In the entire history of the Academy Awards, Mike Nichols’ searing, scathing cinematic adaptation of Edward Albee’s play Who’s Afraid of Virginia Woolf? is arguably one of the finest examples of effortless adaptations in cinema. For the record, it holds the record for being the only film in the annals of Hollywood cinema, or anywhere else in the world, to be nominated in every major category at Oscars. James Cameron had to sink an entire ship for Titanic, Peter Jackson had to cast thousands dwarves and elves for The Return of the King, and William Wyler’s Ben-Hur had to go all Biblical epic – yet none of them succeeded in nailing all eligible category. All Mike Nichols had to do was to cast four actors, set in mostly one room, and had them all screaming hoarse at each other’s throats.

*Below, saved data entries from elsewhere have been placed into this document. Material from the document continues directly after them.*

(* Let $x\in[0,1]\setminus\mathcal E$. Then for every $n\ge0$, $x\in I_n(x)$, where $I_n(x)$ is the open interval with endpoints $a_n(x)$ and $b_n(x)=a_n(x)+\varepsilon_n(x)\ell_n(x)$. Moreover, the sign of the slope of $T^n$ on $I_n(x)$ is $\varepsilon_n(x)$, $T^n(a_n(x))=0$, and $T^n$ maps $I_n(x)$ onto $(0,1)$.
   Context: $T:[0,1]\to[0,1]$ is $T(x)=3x$ on $[0,\frac13)$, $6x-2$ on $[\frac13,\frac12)$, $4-6x$ on $[\frac12,\frac23)$, $3x-2$ on $[\frac23,1]$. Let $U(x)=0,1,2,3$ and $\widetilde U(x)=0,\frac13,\frac23,\frac23$ on these four intervals respectively. For $x\in[0,1]$, $n\ge0$: $u_n(x)=U(T^nx)$, $\widetilde u_n(x)=\widetilde U(T^nx)$; $\beta_i(x,n)=\#\{k<n:u_k(x)=i\}$, $\beta_{i,j}(x,n)=\beta_i(x,n)+\beta_j(x,n)$; $\varepsilon_n(x)=(-1)^{\beta_2(x,n)}$, $\ell_n(x)=3^{-\beta_{0,3}(x,n)}6^{-\beta_{1,2}(x,n)}$, $a_0(x)=0$ and $a_n(x)=\sum_{k=0}^{n-1}\widetilde u_k(x)\varepsilon_k(x)\ell_k(x)$ for $n\ge1$. $\mathcal E$ is the set of $x\in[0,1]$ whose sequence $(u_n(x))_n$ is eventually constant equal to $0$ or eventually constant equal to $3$. The open interval with endpoints $a,b$ means the set of points strictly between $a$ and $b$ (even if $b<a$). *)

From Stdlib Require Import Reals Lra Lia.
Open Scope R_scope.

(* The map T on [0,1] (formula extended to all of R; orbits of points of
   [0,1] stay in [0,1]). *)
Definition T (x : R) : R :=
  if Rlt_dec x (1/3) then 3 * x
  else if Rlt_dec x (1/2) then 6 * x - 2
  else if Rlt_dec x (2/3) then 4 - 6 * x
  else 3 * x - 2.

Definition U (x : R) : nat :=
  if Rlt_dec x (1/3) then 0%nat
  else if Rlt_dec x (1/2) then 1%nat
  else if Rlt_dec x (2/3) then 2%nat
  else 3%nat.

Definition Ut (x : R) : R :=
  if Rlt_dec x (1/3) then 0
  else if Rlt_dec x (1/2) then 1/3
  else if Rlt_dec x (2/3) then 2/3
  else 2/3.

Definition Tn (n : nat) (x : R) : R := Nat.iter n T x.

Definition u (n : nat) (x : R) : nat := U (Tn n x).
Definition ut (n : nat) (x : R) : R := Ut (Tn n x).

Fixpoint beta (i : nat) (x : R) (n : nat) : nat :=
  match n with
  | O => O
  | S m => (beta i x m + (if Nat.eqb (u m x) i then 1 else 0))%nat
  end.

Definition beta2 (i j : nat) (x : R) (n : nat) : nat :=
  (beta i x n + beta j x n)%nat.

Definition eps (x : R) (n : nat) : R := (-1) ^ (beta 2 x n).

Definition ell (x : R) (n : nat) : R :=
  / (3 ^ (beta2 0 3 x n) * 6 ^ (beta2 1 2 x n)).

Fixpoint a (x : R) (n : nat) : R :=
  match n with
  | O => 0
  | S m => a x m + ut m x * eps x m * ell x m
  end.

Definition b (x : R) (n : nat) : R := a x n + eps x n * ell x n.

Definition inE (x : R) : Prop :=
  (exists N, forall n, (N <= n)%nat -> u n x = 0%nat) \/
  (exists N, forall n, (N <= n)%nat -> u n x = 3%nat).

Definition open_between (p q y : R) : Prop := Rmin p q < y < Rmax p q.

(** Write [d_n = b_n - a_n = eps_n ell_n].  The affine map [w |-> a_n + d_n w]
    is an inverse branch of [T^n] on [(0,1)]: it is the composite of the
    inverse branches of [T] selected by the digits [u_0, ..., u_(n-1)], which is
    exactly how [a_n], [eps_n] and [ell_n] are updated.  Since every real [y]
    is recovered from [T y] by the inverse branch of its own digit, one gets
    [x = a_n + d_n T^n x].  Finally [0] and [1] are fixed by [T], so an orbit
    outside [E] never reaches them and [T^n x] lies in [(0,1)]. *)

From Stdlib Require Import Reals Lra.
Open Scope R_scope.

Lemma Tn_S n y : Tn (S n) y = T (Tn n y).
Proof. reflexivity. Qed.

Lemma T_0 : T 0 = 0.
Proof. unfold T; repeat destruct Rlt_dec; lra. Qed.

Lemma T_1 : T 1 = 1.
Proof. unfold T; repeat destruct Rlt_dec; lra. Qed.

Lemma T_unit_interval y : 0 <= y <= 1 -> 0 <= T y <= 1.
Proof. unfold T; repeat destruct Rlt_dec; lra. Qed.

Lemma Tn_unit_interval n y : 0 <= y <= 1 -> 0 <= Tn n y <= 1.
Proof. apply (Nat.iter_invariant n R T (fun z => 0 <= z <= 1)), T_unit_interval. Qed.

Lemma Tn_fixed_after x c N m :
  T c = c -> Tn N x = c -> (N <= m)%nat -> Tn m x = c.
Proof.
  intros Hc HN; induction 1 as [|m _ IH]; [exact HN|].
  now rewrite Tn_S, IH.
Qed.

Lemma Tn_eq0_inE x N : Tn N x = 0 -> inE x.
Proof.
  intros HN; left; exists N; intros m Hm; unfold u.
  rewrite (Tn_fixed_after x 0 N m T_0 HN Hm).
  unfold U; destruct Rlt_dec; [reflexivity | lra].
Qed.

Lemma Tn_eq1_inE x N : Tn N x = 1 -> inE x.
Proof.
  intros HN; right; exists N; intros m Hm; unfold u.
  rewrite (Tn_fixed_after x 1 N m T_1 HN Hm).
  unfold U; repeat destruct Rlt_dec; first [reflexivity | lra].
Qed.

Lemma Tn_open_unit_interval x n :
  0 <= x <= 1 -> ~ inE x -> 0 < Tn n x < 1.
Proof.
  intros Hx HE; pose proof (Tn_unit_interval n x Hx).
  assert (Tn n x <> 0) by (intro H0; exact (HE (Tn_eq0_inE x n H0))).
  assert (Tn n x <> 1) by (intro H1; exact (HE (Tn_eq1_inE x n H1))).
  lra.
Qed.

(* The inverse branch of [T] on its [i]-th interval is
   [w |-> branch_zero i + branch_inv_slope i * w]; digits above [3] never occur
   and are sent to the last branch. *)
Definition branch_zero (i : nat) : R :=
  match i with O => 0 | 1 => 1/3 | _ => 2/3 end.

Definition branch_inv_slope (i : nat) : R :=
  match i with 1 => 1/6 | 2 => -1/6 | _ => 1/3 end.

Lemma branch_zero_unit_interval i : 0 <= branch_zero i < 1.
Proof. destruct i as [|[|i]]; simpl; lra. Qed.

Lemma T_branch_zero i : T (branch_zero i) = 0.
Proof. destruct i as [|[|i]]; simpl; unfold T; repeat destruct Rlt_dec; lra. Qed.

Lemma inv_branch_unit_interval i w :
  0 < w < 1 -> 0 < branch_zero i + branch_inv_slope i * w < 1.
Proof. destruct i as [|[|[|i]]]; simpl; lra. Qed.

Lemma T_inv_branch i w :
  0 < w < 1 -> T (branch_zero i + branch_inv_slope i * w) = w.
Proof.
  destruct i as [|[|[|i]]]; simpl; intros Hw; unfold T;
    repeat destruct Rlt_dec; lra.
Qed.

Lemma inv_branch_T y : y = branch_zero (U y) + branch_inv_slope (U y) * T y.
Proof. unfold U, T; repeat destruct Rlt_dec; simpl; lra. Qed.

Lemma Ut_branch_zero y : Ut y = branch_zero (U y).
Proof. unfold Ut, U; repeat destruct Rlt_dec; reflexivity. Qed.

Lemma u_cases x n :
  u n x = 0%nat \/ u n x = 1%nat \/ u n x = 2%nat \/ u n x = 3%nat.
Proof. unfold u, U; repeat destruct Rlt_dec; auto. Qed.

Definition signed_length (x : R) (n : nat) : R := eps x n * ell x n.

Lemma b_signed_length x n : b x n = a x n + signed_length x n.
Proof. reflexivity. Qed.

Lemma signed_length_0 x : signed_length x 0 = 1.
Proof. unfold signed_length, eps, ell, beta2; simpl; field. Qed.

Lemma signed_length_S x n :
  signed_length x (S n) = signed_length x n * branch_inv_slope (u n x).
Proof.
  unfold signed_length, eps, ell, beta2; cbn [beta].
  pose proof (pow_nonzero 3 (beta 0 x n) ltac:(lra)).
  pose proof (pow_nonzero 3 (beta 3 x n) ltac:(lra)).
  pose proof (pow_nonzero 6 (beta 1 x n) ltac:(lra)).
  pose proof (pow_nonzero 6 (beta 2 x n) ltac:(lra)).
  destruct (u_cases x n) as [-> | [-> | [-> | ->]]]; cbn [Nat.eqb branch_inv_slope];
    rewrite !pow_add; simpl pow; field; repeat split; assumption.
Qed.

Lemma ell_pos x n : 0 < ell x n.
Proof.
  unfold ell; apply Rinv_0_lt_compat, Rmult_lt_0_compat; apply pow_lt; lra.
Qed.

Lemma eps_sqr x n : eps x n * eps x n = 1.
Proof. unfold eps; rewrite <- Rpow_mult_distr; replace (-1 * -1) with 1 by ring; apply pow1. Qed.

Lemma eps_neq0 x n : eps x n <> 0.
Proof. intro H0; pose proof (eps_sqr x n); rewrite H0 in *; lra. Qed.

Lemma signed_length_neq0 x n : signed_length x n <> 0.
Proof.
  apply Rmult_integral_contrapositive_currified;
    [apply eps_neq0 | apply Rgt_not_eq, ell_pos].
Qed.

Lemma eps_div_signed_length_pos x n : 0 < eps x n * / signed_length x n.
Proof.
  unfold signed_length; rewrite Rinv_mult, <- Rmult_assoc, Rinv_r, Rmult_1_l
    by apply eps_neq0.
  apply Rinv_0_lt_compat, ell_pos.
Qed.

Lemma a_S x n :
  a x (S n) = a x n + signed_length x n * branch_zero (u n x).
Proof. simpl; unfold ut, u, signed_length; rewrite Ut_branch_zero; ring. Qed.

Lemma Tn_inv_cylinder x n w :
  0 < w < 1 -> Tn n (a x n + signed_length x n * w) = w.
Proof.
  revert w; induction n as [|n IH]; intros w Hw.
  - simpl; rewrite signed_length_0; ring.
  - rewrite Tn_S, a_S, signed_length_S.
    set (i := u n x).
    replace (a x n + signed_length x n * branch_zero i
               + signed_length x n * branch_inv_slope i * w)
      with (a x n + signed_length x n * (branch_zero i + branch_inv_slope i * w))
      by ring.
    rewrite IH by now apply inv_branch_unit_interval.
    now apply T_inv_branch.
Qed.

Lemma Tn_a x n : Tn n (a x n) = 0.
Proof.
  induction n as [|n IH]; [reflexivity|].
  rewrite Tn_S, a_S.
  destruct (branch_zero_unit_interval (u n x)) as [[Hpos | <-] H1].
  - rewrite Tn_inv_cylinder by lra; apply T_branch_zero.
  - now rewrite Rmult_0_r, Rplus_0_r, IH, T_0.
Qed.

Lemma a_add_signed_length_Tn x n : x = a x n + signed_length x n * Tn n x.
Proof.
  induction n as [|n IH]; [simpl; rewrite signed_length_0; ring|].
  rewrite a_S, signed_length_S, Tn_S.
  unfold u; rewrite IH at 1; rewrite (inv_branch_T (Tn n x)) at 1; ring.
Qed.

Lemma open_between_affine p d y : d <> 0 ->
  open_between p (p + d) y <-> exists w, 0 < w < 1 /\ y = p + d * w.
Proof.
  intros Hd; unfold open_between, Rmin, Rmax; split.
  - intros Hy; exists ((y - p) / d).
    assert (Hw : (y - p) / d * d = y - p) by (field; exact Hd).
    split; [destruct (Rle_dec p (p + d)); split; nra | field; exact Hd].
  - intros [w [Hw ->]]; destruct (Rle_dec p (p + d)); split; nra.
Qed.

Theorem proposition2p3 (x : R) :
  0 <= x <= 1 -> ~ inE x ->
  forall n : nat,
    open_between (a x n) (b x n) x /\
    (exists s c : R, 0 < eps x n * s /\
       forall y, open_between (a x n) (b x n) y -> Tn n y = s * y + c) /\
    Tn n (a x n) = 0 /\
    (forall y, open_between (a x n) (b x n) y -> 0 < Tn n y < 1) /\
    (forall z, 0 < z < 1 -> exists y, open_between (a x n) (b x n) y /\ Tn n y = z).
Proof.
  intros Hx HE n.
  pose proof (signed_length_neq0 x n) as Hd.
  rewrite b_signed_length.
  split; [|split; [|split; [|split]]].
  - apply open_between_affine; [exact Hd|].
    exists (Tn n x); split; [now apply Tn_open_unit_interval | apply a_add_signed_length_Tn].
  - exists (/ signed_length x n), (- a x n / signed_length x n).
    split; [apply eps_div_signed_length_pos|].
    intros y Hy; apply open_between_affine in Hy as [w [Hw ->]]; [|exact Hd].
    rewrite Tn_inv_cylinder by exact Hw; field; exact Hd.
  - apply Tn_a.
  - intros y Hy; apply open_between_affine in Hy as [w [Hw ->]]; [|exact Hd].
    now rewrite Tn_inv_cylinder.
  - intros z Hz; exists (a x n + signed_length x n * z); split.
    + apply open_between_affine; [exact Hd | now exists z].
    + now apply Tn_inv_cylinder.
Qed.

Like most great one-room movie settings – Sidney Lumet’s 12 Angry Men, Alfred Hitchcock’s Rear Window and even notoriously exploited on the small screen by Mike Leigh’s in Abigail’s Party – the film isn’t so much about the setting as the relationship between characters and Nichols, in this magnificent debut feature, sticks to his guns and settles all the action in the warring couple’s marital domain, except for one roadhouse sequence. The confinement of this setting is made all the more powerful and metaphorical to the suffocating domestic wretchedness at play here.

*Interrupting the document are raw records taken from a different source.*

Variable f : pixel -> option pixel.
Hypothesis f_arb : is_arborescence B' S' f.

Let step := parent_step f.
(* Non-pixels satisfy [reach] vacuously, so that [depth] is total. *)
Let reach p n := (p \in bV B) ==> has (fun u => iter n step (Some u) == None) (fib p).

Let reach_exists p : exists n, reach p n.
Proof.
rewrite /reach; case: (boolP (p \in bV B)) => [pB|]; last by exists 0%N.
have [u uf] : exists u, u \in fib p.
  by case: (fib p) (fib_neq0 pB) => // u s _; exists u; rewrite mem_head.
have [_ [n un]] := f_arb (mem_fib_board pB uf).
by exists n; apply/hasP; exists u => //; apply/eqP.
Qed.

Let depth p := ex_minn (reach_exists p).
Let rep p := nth p (fib p) (find (fun u => iter (depth p) step (Some u) == None) (fib p)).
Let contract p := omap pi (f (rep p)).

Let depth_le p u n : u \in fib p -> iter n step (Some u) = None -> (depth p <= n)%N.
Proof.
move=> uf un; rewrite /depth; case: ex_minnP => d _; apply.
by apply/implyP => _; apply/hasP; exists u => //; apply/eqP.
Qed.

Let rep_spec p : p \in bV B ->
  rep p \in fib p /\ iter (depth p) step (Some (rep p)) = None.
Proof.
move=> pB; have : reach p (depth p) by rewrite /depth; case: ex_minnP.
rewrite /reach pB /= => has_fib; split; first by rewrite mem_nth // -has_find.
exact/eqP/(nth_find p has_fib).
Qed.

Let depth_step p t : p \in bV B -> f (rep p) = Some t -> (depth (pi t) < depth p)%N.
Proof.
move=> pB ft; have [_] := rep_spec pB.
case: (depth p) => [|n] //; rewrite iterSr /step /= ft => tn.
by rewrite ltnS (depth_le (fib_pi t) tn).
Qed.

Let contract_edge p : p \in bV B ->
  ext_edge B S (Some p) (contract p) /\
  (ext_weight B S (Some p) (contract p) <= ext_weight B' S' (Some (rep p)) (f (rep p)))%N.
Proof.
move=> pB; have [rep_f _] := rep_spec pB.
have rep_B' := mem_fib_board pB rep_f; have [e _] := f_arb rep_B'.
rewrite -{1 3}(pi_fib rep_f); apply: ext_edge_pi => //.
rewrite (pi_fib rep_f) /contract; case E: (f (rep p)) => [t|] //=.
by apply/eqP => -[pi_t]; have := depth_step pB E; rewrite pi_t ltnn.
Qed.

It’s a theatrical showdown between two opposing forces – Richard Burton’s frustrated, repressed college professor George versus Elizabeth Taylor’s plumpy, mad-haired, all-boozin’ and smokin’ spitfire Martha – man and wife in a verbal and psychological domestic battle that holds no guilty punches. As a film concept, it shouldn’t work – but it does, and effectively so. It’s a loud, boisterous film, yet it never treads shallow waters. In between George and Martha’s love-hate relationship, there’s a profound sense of disjointedness in this postwar suburban life, not so much peeling as tearing away the idealist portrait of Americana. It’s all the more remarkable that Woolf is crafted the same decade as Richard Yates’ Revolutionary Road and Arthur Penn’s Bonnie and Clyde – works of art that dismantled the American dream.

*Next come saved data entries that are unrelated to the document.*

Lemma eqXnD n p1 p2 q1 q2 : eqXn n p1 q1 -> eqXn n p2 q2 -> eqXn n (p1 + p2) (q1 + q2).
Proof.
move=> h1 h2; rewrite /eqXn (_ : p1 + p2 - (q1 + q2) = (p1 - q1) + (p2 - q2)) //; last by ring.
exact: dvdXnD.
Qed.

Lemma eqXnM n p1 p2 q1 q2 : eqXn n p1 q1 -> eqXn n p2 q2 -> eqXn n (p1 * p2) (q1 * q2).
Proof.
move=> h1 h2; rewrite /eqXn (_ : p1 * p2 - q1 * q2 = p1 * (p2 - q2) + (p1 - q1) * q2); last by ring.
by apply: dvdXnD; [apply: dvdXnMl | apply: dvdXnMr].
Qed.

Lemma eqXn_dvdXn n p q : eqXn n p q -> dvdXn n q -> dvdXn n p.
Proof. by move=> h hq; rewrite (_ : p = (p - q) + q); [apply: dvdXnD | ring]. Qed.

Lemma eqXn_sum n (I : Type) (r : seq I) (P : pred I) (F G : I -> {poly K}) :
  (forall i, P i -> eqXn n (F i) (G i)) ->
  eqXn n (\sum_(i <- r | P i) F i) (\sum_(i <- r | P i) G i).
Proof.
by move=> h; apply: (big_ind2 (eqXn n)) => [|????|//]; [exact: eqXn_refl | exact: eqXnD].
Qed.

Lemma eqXn_prod n (I : Type) (r : seq I) (P : pred I) (F G : I -> {poly K}) :
  (forall i, P i -> eqXn n (F i) (G i)) ->
  eqXn n (\prod_(i <- r | P i) F i) (\prod_(i <- r | P i) G i).
Proof.
by move=> h; apply: (big_ind2 (eqXn n)) => [|????|//]; [exact: eqXn_refl | exact: eqXnM].
Qed.

Lemma eqXn_det n k (A B : 'M[{poly K}]_k) :
  (forall i j, eqXn n (A i j) (B i j)) -> eqXn n (\det A) (\det B).
Proof.
move=> h; apply: eqXn_sum => s _; apply: eqXnM; first exact: eqXn_refl.
by apply: eqXn_prod => i _.
Qed.

Lemma eqXn_mulmx n a b c (A A' : 'M[{poly K}]_(a, b)) (B B' : 'M[{poly K}]_(b, c)) :
  (forall i j, eqXn n (A i j) (A' i j)) -> (forall i j, eqXn n (B i j) (B' i j)) ->
  forall i j, eqXn n ((A *m B) i j) ((A' *m B') i j).
Proof. by move=> hA hB i j; rewrite !mxE; apply: eqXn_sum => l _; apply: eqXnM. Qed.

(* Expanding each row of [X *m M] along the columns of [X] yields one term per
   choice function [g] of rows of [M]; the terms with [g] non-injective have
   two equal rows and vanish, which is the Cauchy-Binet formula in disguise. *)
Lemma det_mulmx_ffun k r (X : 'M[{poly K}]_(k, r)) (M : 'M[{poly K}]_(r, k)) :
  \det (X *m M) = \sum_(g : {ffun 'I_k -> 'I_r})
     (\prod_a X a (g a)) * \det (\matrix_(a, b) M (g a) b).
Proof.
rewrite /determinant.
under eq_bigr => s _ do under eq_bigr => a _ do rewrite mxE.
under eq_bigr => s _ do rewrite bigA_distr_bigA mulr_sumr.
rewrite exchange_big /=; apply: eq_bigr => g _.
rewrite mulr_sumr; apply: eq_bigr => s _.
rewrite big_split /=.
under [X in _ = _ * (_ * X)]eq_bigr => a _ do rewrite mxE.
by rewrite mulrCA.
Qed.

Lemma dvdXn_det_mulmx n k r (X : 'M[{poly K}]_(k, r)) (M : 'M[{poly K}]_(r, k))
    (mu : 'I_r -> nat) :
  (forall j c, dvdXn (mu j) (M j c)) ->
  (forall g : {ffun 'I_k -> 'I_r}, injective g -> (n <= \sum_a mu (g a))%N) ->
  dvdXn n (\det (X *m M)).
Proof.
move=> hM hg; rewrite det_mulmx_ffun; apply: dvdXn_sum => g _; apply: dvdXnMl.
have [/injectiveP inj | /injectivePn[a1 [a2 ne eq]]] := boolP (injectiveb g).
  apply: dvdXnW (hg g inj) _; apply: dvdXn_sum => s _; apply: dvdXnMl.
  by apply: dvdXn_prod => a _; rewrite mxE.
by rewrite (determinant_alternate ne) => [|b]; [exact: dvdXn0 | rewrite !mxE eq].
Qed.

End DvdXn.

Lemma leq_sum_final_segment r (i0 : 'I_r) (mu : 'I_r -> nat) (S T : {set 'I_r}) :
  (forall i j : 'I_r, (i <= j)%N -> (mu j <= mu i)%N) ->
  #|S| = #|T| -> (forall j, (j \in T) = (i0 <= j)%N) ->
  (\sum_(j in T) mu j <= \sum_(j in S) mu j)%N.
Proof.
move=> mono hc hT.
rewrite (big_setID (A := T) S) (big_setID (A := S) T) /= setIC leq_add2l.
have cTS : #|T :\: S| = #|S :\: T|.
  by have := cardsID S T; have := cardsID T S; rewrite setIC hc; lia.
apply: (@leq_trans (#|T :\: S| * mu i0)).
  rewrite -sum_nat_const; apply: leq_sum => j; rewrite inE hT => /andP[_ h].
  exact: mono.
rewrite cTS -sum_nat_const; apply: leq_sum => j; rewrite inE hT => /andP[h _].
by apply: mono; lia.
Qed.

Lemma eaddA : associative eadd.
Proof. by case=> [a|] [b|] [c|] //=; rewrite addnA. Qed.

Lemma eaddC : commutative eadd.
Proof. by case=> [a|] [b|] //=; rewrite addnC. Qed.

Lemma add0e : left_id (Fin 0) eadd.
Proof. by case. Qed.

HB.instance Definition _ := Monoid.isComLaw.Build enat (Fin 0) eadd eaddA eaddC add0e.

Definition ecap (n : nat) (e : enat) : nat :=
  match e with Fin a => minn a n | Inf => n end.

Lemma ecap_sum n (I : Type) (r : seq I) (P : pred I) (F : I -> enat) :
  (ecap n (\big[eadd/Fin 0]_(i <- r | P i) F i) <= \sum_(i <- r | P i) ecap n (F i))%N.
Proof.
apply: (big_ind2 (fun e x => ecap n e <= x)%N) => [|e1 x1 e2 x2 h1 h2|//] /=.
  by rewrite min0n.
apply: leq_trans (leq_add h1 h2); case: e1 {h1} => [a|]; case: e2 {h2} => [b|] /=; lia.
Qed.

Lemma leq_ecap n a b : ele a b -> (ecap n a <= ecap n b)%N.
Proof. by case: a => [x|]; case: b => [y|] //= hxy; lia. Qed.

Lemma ecap_Fin_ge n e : ele (Fin n) e -> ecap n e = n.
Proof. by case: e => [a|] //= h; lia. Qed.

Lemma ele_Fin_ge (a b : enat) :
  (forall n, ele (Fin n) a -> ele (Fin n) b) -> ele a b.
Proof.
case: a => [m|] h; first exact: h (leqnn m).
by case: b h => [m|] // /(_ m.+1 isT) /=; rewrite ltnn.
Qed.

Section Truncation.
Variable K : comNzRingType.

Definition trunc (n : nat) (f : pser K) : {poly K} := \poly_(i < n) f i.

Definition tmx n m p (A : arcmx K m p) : 'M[{poly K}]_(m, p) :=
  \matrix_(i, j) trunc n (A i j).

Lemma trunc_ext n (f g : pser K) : (forall k, f k = g k) -> trunc n f = trunc n g.
Proof. by move=> h; apply/polyP => q; rewrite !coef_poly h. Qed.

Lemma trunc0 n : trunc n (fun _ => 0) = 0.
Proof. by apply/polyP => q; rewrite coef_poly coef0; case: ifP. Qed.

Lemma eqXn_trunc_amul n m p l (A : arcmx K m p) (B : arcmx K p l) i j :
  eqXn n (trunc n (amul A B i j)) ((tmx n A *m tmx n B) i j).
Proof.
move=> q hq; rewrite coefB coef_poly hq !mxE coef_sum.
apply/eqP; rewrite subr_eq0; apply/eqP/eq_bigr => l0 _.
rewrite coefM /pmul; apply: eq_bigr => t _; rewrite !mxE !coef_poly.
have ht := ltn_ord t.
have -> : (t < n)%N by lia.
by have -> : (q - t < n)%N by lia.
Qed.

Lemma eqXn_trunc_amul3 n m p (g : arcmx K m m) (D : arcmx K m p) (h : arcmx K p p)
    (A : arcmx K m p) :
  aeq A (amul (amul g D) h) ->
  forall i j, eqXn n (trunc n (A i j)) ((tmx n g *m tmx n D *m tmx n h) i j).
Proof.
move=> hA i j; rewrite (trunc_ext n (hA i j)).
apply: (eqXn_trans (q := (tmx n (amul g D) *m tmx n h) i j)).
  exact: eqXn_trunc_amul.
apply: eqXn_mulmx => i1 j1; last by rewrite mxE; apply: eqXn_refl.
rewrite {1}/tmx mxE; exact: eqXn_trunc_amul.
Qed.

Lemma trunc_tpow_dvdXn n e : dvdXn (ecap n e) (trunc n (@tpow K e)).
Proof.
move=> q hq; rewrite coef_poly; case: ifP => // _; rewrite /tpow.
by case: e hq => [a|] //= hq; case: eqP => // eq; lia.
Qed.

Nichols’ assured direction gives this film a distinctive marriage between Hollywood cinema and arthouse aesthetic, opting to shoot in black-and-white, and employing the merciless technique of close-ups. Taylor, who threw vanity out of the window, gained weight and plumbed astonishing emotional depths for the character of Martha. This sexually deviant, disillusioned wife comes so close to becoming a monster, but Taylor gives it real weight, empathy and humanity. The final shot, with Taylor and Burton nursing their wounds, is not only the quietest moment in the film but also the most significant and most humbling, illustrating the empty pretensions and tribulations of marriage life.
VERDICT:
Nichols holds no guilty punches in this astonishing cinematic debut, a film of no-holds-barred emotional and psychological honesty that draws a scathing dissection on marriage life. It’s a powerhouse performance-film, and Taylor is tremendous. Expect fireworks.